▶ **Directions for this task**
Please retype exactly, and with nothing added, the lines of the material from the one with "Lemma rich_ratios_card_le D" through the final one.

▶ **Working data**
+++++

Definition rich_pairs (D : nat) : nat :=
  (\sum_(a <- A) \sum_(b <- A) (D <= ratio_count (a / b) : nat))%N.

Lemma mult_energy_layers :
  mult_energy A = (\sum_(1 <= D < (#|` A| * #|` A|).+1) rich_pairs D)%N.
Proof.
rewrite mult_energyE /rich_pairs.
under eq_bigr => a _ do under eq_bigr => b _ do
  rewrite -{1}(sum_nat_layers (ratio_count_le (a / b))).
by under eq_bigr => a _ do rewrite exchange_big /=; rewrite exchange_big.
Qed.

Definition rich_ratios (D : nat) : {fset R} :=
  [fset x in [seq a / b | a <- A, b <- A] | (D <= ratio_count x)%N].

Lemma mem_rich_ratios D a b : a \in A -> b \in A ->
  (a / b \in rich_ratios D) = (D <= ratio_count (a / b))%N.
Proof.
by move=> aA bA; rewrite !inE (allpairs_f (fun a b => a / b) aA bA).
Qed.

Lemma rich_pairsE D : rich_pairs D = (\sum_(x <- rich_ratios D) ratio_count x)%N.
Proof.
rewrite /rich_pairs (eq_big_seq (fun a =>
  \sum_(b <- A) \sum_(x <- rich_ratios D) (a / b == x : nat))%N); last first.
  move=> a aA; apply: eq_big_seq => b bA.
  by rewrite sum_nat_eq_mem ?fset_uniq // mem_rich_ratios.
by under eq_bigr => a _ do rewrite exchange_big /=; rewrite exchange_big.
Qed.

Lemma rich_ratios_card_le D : (D * #|` rich_ratios D| <= rich_pairs D)%N.
Proof.
rewrite rich_pairsE card_fset_sum1 big_distrr /= !big_seq.
by apply: leq_sum => x; rewrite muln1 inE => /andP[_].
Qed.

+++++

▶ **Response below**
Lemma rich_ratios_card_le D : (D * #|` rich_ratios D| <= rich_pairs D)%N.
Proof.
rewrite rich_pairsE card_fset_sum1 big_distrr /= !big_seq.
by apply: leq_sum => x; rewrite muln1 inE => /andP[_].
Qed.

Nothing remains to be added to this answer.